Let me put into perspective just how important genetic algorithms are. Artificial intelligence (AI) is a computing field that has been widely studied but rarely exploited; state-of-the-art AI systems that take advantage of today’s computing power are just beginning to take hold. One AI system, IBM’s Deep Blue, recently received a lot of attention by landing the Mars Pathfinder and performing the seemingly impossible computing task of beating chess master Garry Kasparov. Deep Blue, which runs on the AS/400’s sister system (the RS/6000), is capable of selectively analyzing nearly 100 billion moves per minute, but future systems, many of which will use genetic algorithms, will certainly eclipse its accomplishments and capabilities and will be used for everything from medical research and resource management to analyzing financial models and picking stocks.

A Little Background

For many years, computer scientists have been developing techniques that allow computer programs to exhibit intelligent behavior and even to emulate living creatures. My own interest in genetic algorithms began after reading an article by John Holland in the July 1992 issue of Scientific American entitled “Genetic Algorithms.” Holland, a mathematician and psychologist, was one of the early pioneers in AI. In the 1940s, he began researching some of the concepts that have become the building blocks of evolutionary computing. He started his research with neural networks and, in the 1950s after reading The Genetic


Theory of Natural Selection by evolutionary biologist R. A. Fisher, became interested in the application of evolution to computing. Holland observed that biological systems are able to solve very complex problems, such as adapting to different environments, by repeatedly combining, mutating, and selecting the fittest individuals from each resulting population. He found that this process is an efficient method of adapting individuals to solve problems presented to them.

Searching Through Space

Genetic algorithms are best suited to a class of problems known as nondeterministic- polynomial-time-complete, or NP-complete, problems. Solutions to NP-complete problems are generated using some form of nondeterminism (i.e., trial and error) and theoretically can be produced in exponential time as long as the solution can be verified in polynomial time. This means that the amount of time it takes to locate the optimal solution to an NP- complete problem is directly related to the number of possible solutions and the amount of time it takes to verify each potential solution. Another feature of NP-complete problems is that the algorithm used to solve one problem can be used to solve any other NP-complete problem.

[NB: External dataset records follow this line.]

(* Let $A,B\in\mathrm{SL}_2\mathbb{Z}_{\ge0}$ be noncommuting, well oriented, with $\mathrm{tr}(A)<\mathrm{tr}(B)$ and $\mathrm{tr}(AB)=\mathrm{tr}(B^2)$. Fix a (possibly empty) word $w$ and an integer $s\ge0$. Then: (1) $[wab(ab^2)^sab^3]<[wab^2(ab^2)^sab^2]$; (2) $[wab^3(ab^2)^sab]<[wab^2(ab^2)^sab^2]$, provided $w$ is empty or begins with $a$.
   Context: Words are finite strings over $\{a,b\}$; $\phi$ is the monoid homomorphism with $\phi(a)=A,\phi(b)=B$, and $[w]=\mathrm{tr}(\phi(w))$. Fixed points are for the Möbius action on $\partial\mathcal{H}=\mathbb{P}^1\mathbb{R}$; $\alpha^\pm$ ($\beta^\pm$) are the attracting/repelling fixed points of $A$ ($B$), both equal to the unique fixed point if parabolic. With $\partial\mathcal{H}$ cyclically ordered and $[\alpha,\beta]$ the closed counterclockwise interval from $\alpha$ to $\beta$, let $I^+=\{\alpha^+\}$ if $\alpha^+=\beta^+$, and otherwise the one of $[\alpha^+,\beta^+],[\beta^+,\alpha^+]$ mapped into itself by both $A$ and $B$ (if it exists); define $I^-$ likewise with $A^{-1},B^{-1},\alpha^-,\beta^-$. The pair is coherently oriented if both exist, and well oriented if $A,B$ is coherently oriented but $A,B^{-1}$ is not. *)

From HB Require Import structures.
From mathcomp Require Import all_boot all_order all_algebra.
From mathcomp Require Import Rstruct.
Set Implicit Arguments. Unset Strict Implicit. Unset Printing Implicit Defensive.
Import Order.TTheory GRing.Theory Num.Theory.
Local Open Scope ring_scope.

Inductive letter := La | Lb.

Definition phi (A B : 'M[int]_2) (w : seq letter) : 'M[int]_2 :=
  foldr (fun x M => (match x with La => A | Lb => B end) *m M) 1%:M w.

Definition trw (A B : 'M[int]_2) (w : seq letter) : int := \tr (phi A B w).

Definition SL2nonneg (A : 'M[int]_2) : Prop :=
  (forall i j, 0 <= A i j) /\ \det A = 1.

Section Proj.
Variable R : realFieldType.

(* The boundary P^1 R = R u {oo}; None is the point oo. *)
Definition P1 := option R.

Definition i0 : 'I_2 := ord0.
Definition i1 : 'I_2 := ord_max.

Definition mob (M : 'M[R]_2) (z : P1) : P1 :=
  match z with
  | Some x => let d := M i1 i0 * x + M i1 i1 in
              if d == 0 then None else Some ((M i0 i0 * x + M i0 i1) / d)
  | None => if M i1 i0 == 0 then None else Some (M i0 i0 / M i1 i0)
  end.

Definition cls (v : 'cV[R]_2) : P1 :=
  if v i1 ord0 == 0 then None else Some (v i0 ord0 / v i1 ord0).

(* Attracting (resp. repelling) fixed point: the fixed point whose eigenline has
   eigenvalue of modulus >= 1 (resp. <= 1); for det 1 hyperbolic this is the
   eigenvalue of modulus > 1 (resp. < 1), i.e. |derivative| < 1 (resp. > 1);
   for parabolic both coincide with the unique fixed point. *)
Definition attr_fp (M : 'M[R]_2) (z : P1) : Prop :=
  exists (v : 'cV[R]_2) (l : R), v != 0 /\ M *m v = l *: v /\ 1 <= `|l| /\ cls v = z.
Definition rep_fp (M : 'M[R]_2) (z : P1) : Prop :=
  exists (v : 'cV[R]_2) (l : R), v != 0 /\ M *m v = l *: v /\ `|l| <= 1 /\ cls v = z.

(* Closed counterclockwise interval [a,b] of P^1 R = boundary of the upper half
   plane (counterclockwise = increasing along R, then through oo). *)
Definition ccw (a b : P1) (z : P1) : bool :=
  match a, b with
  | Some x, Some y =>
      if x <= y then (if z is Some t then (x <= t) && (t <= y) else false)
      else (if z is Some t then (x <= t) || (t <= y) else true)
  | Some x, None => if z is Some t then x <= t else true
  | None, Some y => if z is Some t then t <= y else true
  | None, None => z == None
  end.

Definition maps_into (M : 'M[R]_2) (I : P1 -> bool) : Prop :=
  forall z, I z -> I (mob M z).

Definition I_exists (M N : 'M[R]_2) (a b : P1) : Prop :=
  a = b \/
  (maps_into M (ccw a b) /\ maps_into N (ccw a b)) \/
  (maps_into M (ccw b a) /\ maps_into N (ccw b a)).

Definition coherently_oriented (A B : 'M[R]_2) : Prop :=
  forall ap am bp bm : P1,
    attr_fp A ap -> rep_fp A am -> attr_fp B bp -> rep_fp B bm ->
    I_exists A B ap bp /\ I_exists (invmx A) (invmx B) am bm.

Definition well_oriented (A B : 'M[R]_2) : Prop :=
  coherently_oriented A B /\ ~ coherently_oriented A (invmx B).

End Proj.

Definition toR (A : 'M[int]_2) : 'M[Rdefinitions.R]_2 := map_mx (fun x : int => x%:~R) A.

Fixpoint pw (s : nat) (u : seq letter) : seq letter :=
  match s with O => [::] | S s' => u ++ pw s' u end.

From HB Require Import structures.
From mathcomp Require Import all_boot all_order all_algebra.
From mathcomp Require Import Rstruct.
From mathcomp Require Import zify ring lra.
Set Implicit Arguments.
Unset Strict Implicit.
Import Order.TTheory GRing.Theory Num.Theory.
Local Open Scope ring_scope.

(* P = ABB has determinant 1 and trace at least 2, so by Cayley-Hamilton
   P^(s+1) = f P - g with 0 <= g < f.  Each of the compared traces is thus f times
   the trace of the corresponding word with s = 0 minus the same quantity
   g tr(W P), which reduces both claims to s = 0.  There Cayley-Hamilton rewrites
   the difference of the two products (multiplied by A on the right in claim (2)
   when w starts with a, using cyclicity of the trace) as c0 + c1 A + c2 B + c3 AB.
   Since tr AB = tr B^2 = (tr B)^2 - 2 and 2 <= tr A < tr B, the coefficients
   c1, c2, c3 are nonnegative with positive sum c0 + c1 + c2 + c3; as W, A, B and
   AB have nonnegative entries dominating the identity matrix, the trace of W times
   this combination is positive. *)

Lemma ord2P (i : 'I_2) : i = 0 \/ i = 1.
Proof. by case: i => [[|[|//]] ?]; [left | right]; apply: val_inj. Qed.

Section Mx2.
Variable R : comNzRingType.
Implicit Types M N : 'M[R]_2.

Let ord2_lift0 : lift (0 : 'I_2) (0 : 'I_1) = 1. Proof. exact: val_inj. Qed.
Let ord2_lift1 : lift (1 : 'I_2) (0 : 'I_1) = 0. Proof. exact: val_inj. Qed.

Lemma mxtrace2 M : \tr M = M 0 0 + M 1 1.
Proof. by rewrite /mxtrace !big_ord_recl big_ord0 addr0 ord2_lift0. Qed.

Lemma det_mx2 M : \det M = M 0 0 * M 1 1 - M 0 1 * M 1 0.
Proof.
rewrite (expand_det_row M 0) !big_ord_recl big_ord0 /cofactor !det_mx11 !mxE /=.
by rewrite !ord2_lift0 ord2_lift1 addr0 expr0 expr1 !mul1r mulN1r mulrN.
Qed.

Lemma mulmx2E M N i j : (M *m N) i j = M i 0 * N 0 j + M i 1 * N 1 j.
Proof. by rewrite !mxE !big_ord_recl big_ord0 addr0 ord2_lift0. Qed.

Lemma mx2_eq M N :
  M 0 0 = N 0 0 -> M 0 1 = N 0 1 -> M 1 0 = N 1 0 -> M 1 1 = N 1 1 -> M = N.
Proof.
move=> e00 e01 e10 e11; apply/matrixP => i j.
by case: (ord2P i) => ->; case: (ord2P j) => ->.
Qed.
End Mx2.

Ltac mx2_ring := rewrite ?mxtrace2 ?det_mx2; apply: mx2_eq; rewrite !(mulmx2E, mxE) /=; ring.

Lemma mx2_sqr (R : comNzRingType) (M : 'M[R]_2) : M *m M = \tr M *: M - (\det M)%:M.
Proof. mx2_ring. Qed.

Lemma mx2_exp_chebyshev (R : realDomainType) (P : 'M[R]_2) :
  \det P = 1 -> 2 <= \tr P ->
  forall n, exists f g : R, [/\ 0 <= g, g < f & P ^+ n.+1 = f *: P - g%:M].
Proof.
move=> detP trP; elim=> [|n [f [g [g_ge0 g_lt_f Pn]]]].
  by exists 1, 0; rewrite expr1 scale1r raddf0 subr0.
exists (f * \tr P - g), f; split; [lra | nra |].
rewrite exprS Pn -mulmxE mulmxBr -scalemxAr mx2_sqr detP mul_mx_scalar.
apply/matrixP => i j; rewrite !mxE; ring.
Qed.

Lemma mxtrace_mulmx2_gt0 (R : numDomainType) (M N : 'M[R]_2) :
  (forall i j, 0 <= M i j) -> (forall i j, 0 <= N i j) -> 0 < M 0 0 -> 0 < N 0 0 ->
  0 < \tr (M *m N).
Proof.
move=> M_ge0 N_ge0 M00 N00; rewrite mxtrace2 !mulmx2E.
apply: ltr_wpDr; first by rewrite addr_ge0 ?mulr_ge0.
by apply: ltr_wpDr; rewrite ?mulr_ge0 ?mulr_gt0.
Qed.

Section Words.
Variables A B : 'M[int]_2.

Lemma phi_cat u v : phi A B (u ++ v) = phi A B u *m phi A B v.
Proof. by elim: u => [|x u IHu] /=; rewrite ?mul1mx // IHu mulmxA. Qed.

Lemma phi_pw s u : phi A B (pw s u) = phi A B u ^+ s.
Proof. by elim: s => [|s IHs] //=; rewrite phi_cat IHs exprS mulmxE. Qed.

Lemma trw_cat_pw_chebyshev w u x v s (Y Z : 'M[int]_2) (f g : int) :
    phi A B x ^+ s.+1 = f *: phi A B x - g%:M ->
    phi A B v = phi A B x *m Y -> phi A B u *m Y = Z ->
  trw A B (w ++ u ++ pw s x ++ v) =
    f * trw A B (w ++ u ++ v) - g * \tr (phi A B w *m Z).
Proof.
move=> xs v_xY uY_Z; rewrite /trw -uY_Z !phi_cat phi_pw v_xY !mulmxA.
rewrite -(mulmxA _ (_ ^+ s)).
have -> : phi A B x ^+ s *m phi A B x = f *: phi A B x - g%:M by rewrite -xs exprSr.
rewrite mulmxBr mulmxBl raddfB /= -scalemxAr -scalemxAl mxtraceZ.
by rewrite mul_mx_scalar -scalemxAl mxtraceZ.
Qed.
End Words.

Lemma SL2nonneg1 : SL2nonneg 1%:M.
Proof. by split=> [i j|]; rewrite ?det1 // mxE ler0n. Qed.

Lemma SL2nonneg_mul (M N : 'M[int]_2) : SL2nonneg M -> SL2nonneg N -> SL2nonneg (M *m N).
Proof.
move=> [M_ge0 detM] [N_ge0 detN]; split=> [i j|]; last by rewrite det_mulmx detM detN mulr1.
by rewrite mulmx2E addr_ge0 ?mulr_ge0.
Qed.

Lemma SL2nonneg_phi (A B : 'M[int]_2) w : SL2nonneg A -> SL2nonneg B -> SL2nonneg (phi A B w).
Proof.
by move=> SA SB; elim: w => [|[] w IHw]; [exact: SL2nonneg1 | exact: SL2nonneg_mul ..].
Qed.

Lemma SL2nonneg_ge1mx (M : 'M[int]_2) : SL2nonneg M -> forall i j, (i == j)%:R <= M i j.
Proof.
move=> [M_ge0 detM] i j; case: eqP => [<-|_]; last exact: M_ge0.
move: detM (M_ge0 0 0) (M_ge0 0 1) (M_ge0 1 0) (M_ge0 1 1); rewrite det_mx2 mulr1n.
(* zify does not identify the entries [M i j] across structure instances: abstract them. *)
by case: (ord2P i) => ->; move: (M 0 0) (M 0 1) (M 1 0) (M 1 1) => ? ? ? ?; nia.
Qed.

Lemma SL2nonneg_tr_ge2 (M : 'M[int]_2) : SL2nonneg M -> 2 <= \tr M.
Proof.
move=> SM; rewrite mxtrace2.
exact: le_trans (lerD (SL2nonneg_ge1mx SM 0 0) (SL2nonneg_ge1mx SM 1 1)).
Qed.

Lemma mxtrace_SL2nonneg_comb_gt0 (W M1 M2 M3 : 'M[int]_2) (c0 c1 c2 c3 : int) :
    SL2nonneg W -> SL2nonneg M1 -> SL2nonneg M2 -> SL2nonneg M3 ->
    0 <= c1 -> 0 <= c2 -> 0 <= c3 -> 0 < c0 + c1 + c2 + c3 ->
  0 < \tr (W *m (c0%:M + c1 *: M1 + c2 *: M2 + c3 *: M3)).
Proof.
move=> SW S1 S2 S3 c1_ge0 c2_ge0 c3_ge0 c_gt0.
set N := _ + _ *: M3.
have N_ge i j : (c0 + c1 + c2 + c3) * (i == j)%:R <= N i j.
  rewrite !mxE -[c0 *+ _]mulr_natr !mulrDl -!addrA lerD2l.
  by rewrite !lerD ?ler_wpM2l ?SL2nonneg_ge1mx.
have N_ge0 i j : 0 <= N i j by apply: le_trans (N_ge i j); rewrite mulr_ge0 ?ler0n ?ltW.
apply: mxtrace_mulmx2_gt0 => //; first exact: SW.1.
  exact: lt_le_trans (SL2nonneg_ge1mx SW 0 0).
by apply: lt_le_trans (N_ge 0 0); rewrite mulr1.
Qed.

Section CayleyHamiltonReductions.
Variables (R : comNzRingType) (A B : 'M[R]_2).
Local Notation a := (\tr A).
Local Notation b := (\tr B).
Local Notation t := (\tr (A *m B)).
Local Notation dA := (\det A).
Local Notation dB := (\det B).

Lemma mx2_abbabb_sub_ababbb :
  A *m B *m B *m A *m B *m B - A *m B *m A *m B *m B *m B =
    (- (2 * dA * dB ^+ 2))%:M + (a * dB ^+ 2) *: A + (b * dA * dB) *: B
    + (dB * (t - a * b)) *: (A *m B).
Proof. mx2_ring. Qed.

Lemma mxtrace_abbabb_sub_abbbab :
  \tr (A *m B *m B *m A *m B *m B) - \tr (A *m B *m B *m B *m A *m B) =
    dA * dB * b ^+ 2 - 4 * dA * dB ^+ 2 + a ^+ 2 * dB ^+ 2 + t * (t - a * b) * dB.
Proof. rewrite !mxtrace2 !det_mx2 !mulmx2E; ring. Qed.

Lemma mx2_abbabb_sub_abbbab_mulmx :
  (A *m B *m B *m A *m B *m B - A *m B *m B *m B *m A *m B) *m A =
    (a * b ^+ 2 * dA * dB - b * t * dA * dB - a * dA * dB ^+ 2)%:M
    + (t ^+ 2 * dB - a * b * t * dB + a ^+ 2 * dB ^+ 2 - 2 * dA * dB ^+ 2) *: A
    + (t * dA * dB - a * b * dA * dB) *: B + (b * dA * dB) *: (A *m B).
Proof. mx2_ring. Qed.
End CayleyHamiltonReductions.

Section TraceComparisons.
Variables (A B : 'M[int]_2) (a b : int).
Hypotheses (SA : SL2nonneg A) (SB : SL2nonneg B).
Hypotheses (trA : \tr A = a) (trB : \tr B = b) (a_lt_b : a < b).
Hypothesis trAB : \tr (A *m B) = b ^+ 2 - 2.

Let detA : \det A = 1. Proof. by case: SA. Qed.
Let detB : \det B = 1. Proof. by case: SB. Qed.
Let SAB : SL2nonneg (A *m B). Proof. exact: SL2nonneg_mul. Qed.
Let a_ge2 : 2 <= a. Proof. by rewrite -trA SL2nonneg_tr_ge2. Qed.
Let ab_gap : 1 <= b ^+ 2 - 2 - a * b. Proof. nia. Qed.

Lemma mxtrace_ababbb_lt_abbabb W : SL2nonneg W ->
  \tr (W *m (A *m B *m A *m B *m B *m B)) < \tr (W *m (A *m B *m B *m A *m B *m B)).
Proof.
move=> SW; rewrite -subr_gt0 -raddfB -mulmxBr mx2_abbabb_sub_ababbb.
rewrite detA detB trA trB trAB expr1n !mulr1 !mul1r.
by apply: mxtrace_SL2nonneg_comb_gt0 => //; nia.
Qed.

Lemma mxtrace_abbbab_lt_abbabb :
  \tr (A *m B *m B *m B *m A *m B) < \tr (A *m B *m B *m A *m B *m B).
Proof.
rewrite -subr_gt0 mxtrace_abbabb_sub_abbbab detA detB trA trB trAB expr1n !mulr1 !mul1r.
nia.
Qed.

Lemma mxtrace_a_abbbab_lt_abbabb W : SL2nonneg W ->
  \tr (A *m W *m (A *m B *m B *m B *m A *m B)) < \tr (A *m W *m (A *m B *m B *m A *m B *m B)).
Proof.
move=> SW; rewrite -subr_gt0 -raddfB /= -mulmxBr mxtrace_mulC mulmxA mxtrace_mulC.
rewrite mx2_abbabb_sub_abbbab_mulmx detA detB trA trB trAB expr1n !mulr1.
by apply: mxtrace_SL2nonneg_comb_gt0 => //; nia.
Qed.

Lemma trw_ab_abbb_lt_abb_abb w :
  trw A B (w ++ [:: La; Lb] ++ [:: La; Lb; Lb; Lb])
    < trw A B (w ++ [:: La; Lb; Lb] ++ [:: La; Lb; Lb]).
Proof.
have := mxtrace_ababbb_lt_abbabb (SL2nonneg_phi w SA SB).
by rewrite /trw !phi_cat /= !mulmx1 !mulmxA.
Qed.

Lemma trw_abbb_ab_lt_abb_abb w : (w = [::] \/ exists w', w = La :: w') ->
  trw A B (w ++ [:: La; Lb; Lb; Lb] ++ [:: La; Lb])
    < trw A B (w ++ [:: La; Lb; Lb] ++ [:: La; Lb; Lb]).
Proof.
case=> [-> | [w' ->]].
  by have := mxtrace_abbbab_lt_abbabb; rewrite /trw /= !mulmx1 !mulmxA.
have := mxtrace_a_abbbab_lt_abbabb (SL2nonneg_phi w' SA SB).
by rewrite /trw /= !phi_cat /= !mulmx1 !mulmxA.
Qed.
End TraceComparisons.

Theorem lemma6p1 (A B : 'M[int]_2) (w : seq letter) (s : nat) :
  SL2nonneg A -> SL2nonneg B -> A *m B != B *m A ->
  well_oriented (toR A) (toR B) ->
  \tr A < \tr B -> \tr (A *m B) = \tr (B *m B) ->
  trw A B (w ++ [:: La; Lb] ++ pw s [:: La; Lb; Lb] ++ [:: La; Lb; Lb; Lb])
    < trw A B (w ++ [:: La; Lb; Lb] ++ pw s [:: La; Lb; Lb] ++ [:: La; Lb; Lb])
  /\
  ((w = [::] \/ exists w', w = La :: w') ->
   trw A B (w ++ [:: La; Lb; Lb; Lb] ++ pw s [:: La; Lb; Lb] ++ [:: La; Lb])
    < trw A B (w ++ [:: La; Lb; Lb] ++ pw s [:: La; Lb; Lb] ++ [:: La; Lb; Lb])).
Proof.
move=> SA SB _ _ trA_lt_trB trAB.
have detB : \det B = 1 by case: SB.
have trAB_sqr : \tr (A *m B) = \tr B ^+ 2 - 2.
  by rewrite trAB mx2_sqr detB raddfB /= mxtraceZ mxtrace_scalar expr2.
set P := phi A B [:: La; Lb; Lb].
have SP : SL2nonneg P by exact: SL2nonneg_phi.
have [f [g [g_ge0 g_lt_f Ps]]] := mx2_exp_chebyshev SP.2 (SL2nonneg_tr_ge2 SP) s.
have f_gt0 : 0 < f := le_lt_trans g_ge0 g_lt_f.
have B_unit : B \in unitmx by rewrite unitmxE detB unitr1.
have ab_B : phi A B [:: La; Lb] *m B = P by rewrite /P /= !mulmx1 mulmxA.
have P_B : phi A B [:: La; Lb; Lb; Lb] = P *m B by rewrite /P /= !mulmx1 !mulmxA.
have P_invB : phi A B [:: La; Lb] = P *m invmx B by rewrite -ab_B mulmxK.
have abbb_invB : phi A B [:: La; Lb; Lb; Lb] *m invmx B = P by rewrite P_B mulmxK.
rewrite (trw_cat_pw_chebyshev w Ps P_B ab_B).
rewrite (trw_cat_pw_chebyshev w Ps (esym (mulmx1 P)) (mulmx1 P)).
rewrite (trw_cat_pw_chebyshev w Ps P_invB abbb_invB).
rewrite !ltrD2r !ltr_pM2l //; split.
  exact: (trw_ab_abbb_lt_abb_abb SA SB erefl erefl trA_lt_trB trAB_sqr).
exact: (trw_abbb_ab_lt_abb_abb SA SB erefl erefl trA_lt_trB trAB_sqr).
Qed.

Potential solutions to a problem are the problem’s search space. The best solution to a problem is located at the extreme minimum or extreme maximum point in the search space. In addition, for a problem to be solved using a genetic algorithm, the search space cannot be totally random. Solutions need to be arranged so similar solutions are grouped together. When local extremes exist in the search space, it is not possible to evolve directly to the best solution; some random solutions have to be tested.

Here are a few of the classic problems effectively solved using genetic algorithms:

• The traveling salesman problem, in which the shortest route between cities is determined

• Packaging problems, in which the optimal way to load items into a container is determined

• Scheduling problems, in which the most effective use of multiple resources is determined

The reason these problems are solvable using genetic algorithms is that they are optimization problems with solutions that can be arrived at by guessing. The fitness of any solution can also be easily determined and compared with the fitness of other potential solutions.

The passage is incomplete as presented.